▶
Lemma dotv_normal_comb (mu : 'I_n.+1 -> R) i : \sum_k mu k = 1 ->
  dotv (u i) (\sum_k mu k *: v k) = c i - height i * mu i.
Proof.
move=> mu1; rewrite dotv_sumr.
under eq_bigr => k _ do rewrite dotvZr dotv_normal_vertex mulrBr.
rewrite sumrB -mulr_suml mu1 mul1r; congr (_ - _).
rewrite -(sumr_indicator i (fun k => height i * mu k)); apply: eq_bigr => k _.
by rewrite eq_sym; ring.
Qed.

Lemma barycoordK x : x = \sum_k barycoord x k *: v k.
Proof.
apply/eqP; rewrite -subr_eq0; apply/eqP; apply: orthogonal_normals_eq0 => k _.
by rewrite dotvBr dotv_normal_comb ?barycoord_sum // /barycoord; field; exact: height_neq0.
Qed.

Section Bipartite.
Variable part : 'I_n.+1 -> bool.
Hypothesis part_orth : forall i j, i != j -> part i = part j -> dotv (u i) (u j) = 0.

Lemma dotv_normal_sum b i (al : 'I_n.+1 -> R) : part i = b ->
  dotv (u i) (\sum_(j | part j == b) al j *: u j) = al i.
Proof.
move=> pi; rewrite dotv_sumr (bigD1 i) /= ?pi ?eqxx //.
rewrite big1 ?addr0; first by rewrite dotvZr u_unit mulr1.
move=> j /andP [/eqP pj ji]; rewrite dotvZr part_orth ?mulr0 ?pi ?pj //.
by rewrite eq_sym.
Qed.

Definition flat b x := forall i, part i = b -> dotv (u i) x = c i.

(* As the normals of one part are orthonormal, [proj b] is the orthogonal
   projection onto [flat b]. *)
Definition offset b x := \sum_(i | part i == b) (dotv (u i) x - c i) *: u i.
Definition proj b x := x - offset b x.

Lemma dotv_normal_offset b x i : part i = b ->
  dotv (u i) (offset b x) = dotv (u i) x - c i.
Proof. exact: dotv_normal_sum. Qed.

Lemma proj_flat b x : flat b (proj b x).
Proof. by move=> i pi; rewrite dotvBr dotv_normal_offset //; ring. Qed.

Lemma offsetB b x y :
  offset b x - offset b y = \sum_(i | part i == b) dotv (u i) (x - y) *: u i.
Proof.
rewrite /offset -sumrB; apply: eq_bigr => i _.
by rewrite -scalerBl dotvBr; congr (_ *: _); ring.
Qed.

Lemma foldr_reflE b (s : seq 'I_n.+1) x : uniq s -> all (fun j => part j == b) s ->
  foldr (fun i f => refl u c i \o f) id s x =
  x - 2 *: \sum_(i <- s) (dotv (u i) x - c i) *: u i.
Proof.
elim: s => [|i s IH] /=; first by rewrite big_nil scaler0 subr0.
move=> /andP [nis us] /andP [/eqP pi As]; rewrite IH // big_cons /refl.
have -> : dotv (u i) (x - 2 *: \sum_(j <- s) (dotv (u j) x - c j) *: u j) = dotv (u i) x.
  rewrite dotvBr dotvZr dotv_sumr big_seq big1 ?mulr0 ?subr0 // => j js.
  rewrite dotvZr part_orth ?mulr0 //; first by apply: contraNneq nis => ->.
  by move/allP: As => /(_ j js) /eqP ->.
by rewrite scalerDr scalerA opprD addrA addrAC.
Qed.

Lemma wprodE b x : wprod u c part b x = x - 2 *: offset b x.
Proof.
rewrite /wprod (foldr_reflE b); last 2 first.
- exact: filter_uniq (enum_uniq _).
- exact: filter_all.
by rewrite big_filter big_enum_cond /offset; congr (_ - 2 *: _); apply: eq_bigl.
Qed.

Lemma wprodK b : involutive (wprod u c part b).
Proof.
move=> y; rewrite !wprodE.
have -> : offset b (y - 2 *: offset b y) = - offset b y.
  rewrite {1}/offset [in RHS]/offset -sumrN; apply: eq_bigr => i /eqP pi.
  by rewrite dotvBr dotvZr dotv_normal_offset // -scaleNr; congr (_ *: _); ring.
by rewrite scalerN opprK subrK.
Qed.

Lemma wprod_isometry b x y :
  dotv (wprod u c part b x - wprod u c part b y) (wprod u c part b x - wprod u c part b y)
  = dotv (x - y) (x - y).
Proof.
rewrite !wprodE.
have -> : x - 2 *: offset b x - (y - 2 *: offset b y) =
    (x - y) - 2 *: (offset b x - offset b y).
  by rewrite scalerBr !opprD !opprK addrACA.
rewrite offsetB; set h := x - y; set L := \sum_(i | part i == b) _.
have hL : dotv h L = \sum_(i | part i == b) dotv (u i) h ^+ 2.
  by rewrite dotv_sumr; apply: eq_bigr => i _; rewrite dotvZr dotvC expr2.
have LL : dotv L L = \sum_(i | part i == b) dotv (u i) h ^+ 2.
  rewrite {1}/L dotv_suml; apply: eq_bigr => i /eqP pi.
  by rewrite dotvZl dotv_normal_sum // expr2.
clearbody L h; rewrite !(dotvBl, dotvBr, dotvZl, dotvZr) (dotvC L h) hL LL; ring.
Qed.

Lemma wprod_sub b0 b1 y :
  wprod u c part b1 y - wprod u c part b0 y = 2 *: (proj b1 y - proj b0 y).
Proof. by rewrite !wprodE /proj !subrBB scalerBr. Qed.

Hypothesis part_nonempty : forall b, exists j, part j = b.

Lemma sum_parts (F : 'I_n.+1 -> 'rV[R]_n) :
  \sum_k F k = \sum_(k | part k == false) F k + \sum_(k | part k == true) F k.
Proof.
rewrite (bigID (fun k => part k == false)) /=; congr (_ + _); apply: eq_bigl => k.
by case: (part k).
Qed.

Definition zdir b := \sum_(k | part k == b) (height k)^-1 *: u k.

(* [zdir true = - zdir false] lies in the span of the normals of either part,
   so it is orthogonal to both flats. *)
Lemma zdirN : zdir false = - zdir true.
Proof. by apply/eqP; rewrite -addr_eq0 /zdir -sum_parts normal_relation. Qed.

Definition zsq := \sum_(k | part k) (height k)^-1 ^+ 2.

Lemma zsq_gt0 : 0 < zsq.
Proof.
have [j pj] := part_nonempty true.
rewrite /zsq (bigD1 j) /= ?pj //; apply: ltr_pwDl.
  by rewrite exprn_gt0 // invr_gt0 height_gt0.
by apply: sumr_ge0 => k _; rewrite sqr_ge0.
Qed.

Lemma zsq_neq0 : zsq != 0.
Proof. by rewrite gt_eqF // zsq_gt0. Qed.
◀
» Exercise: In the data above, start at the line that has "k == true) F k.", stop after the line that has "Proof. by apply/eqP;", and print every line in between exactly as it stands.

» Response box:
  \sum_k F k = \sum_(k | part k == false) F k + \sum_(k | part k == true) F k.
Proof.
rewrite (bigID (fun k => part k == false)) /=; congr (_ + _); apply: eq_bigl => k.
by case: (part k).
Qed.

Definition zdir b := \sum_(k | part k == b) (height k)^-1 *: u k.

(* [zdir true = - zdir false] lies in the span of the normals of either part,
   so it is orthogonal to both flats. *)
Lemma zdirN : zdir false = - zdir true.
Proof. by apply/eqP; rewrite -addr_eq0 /zdir -sum_parts normal_relation. Qed.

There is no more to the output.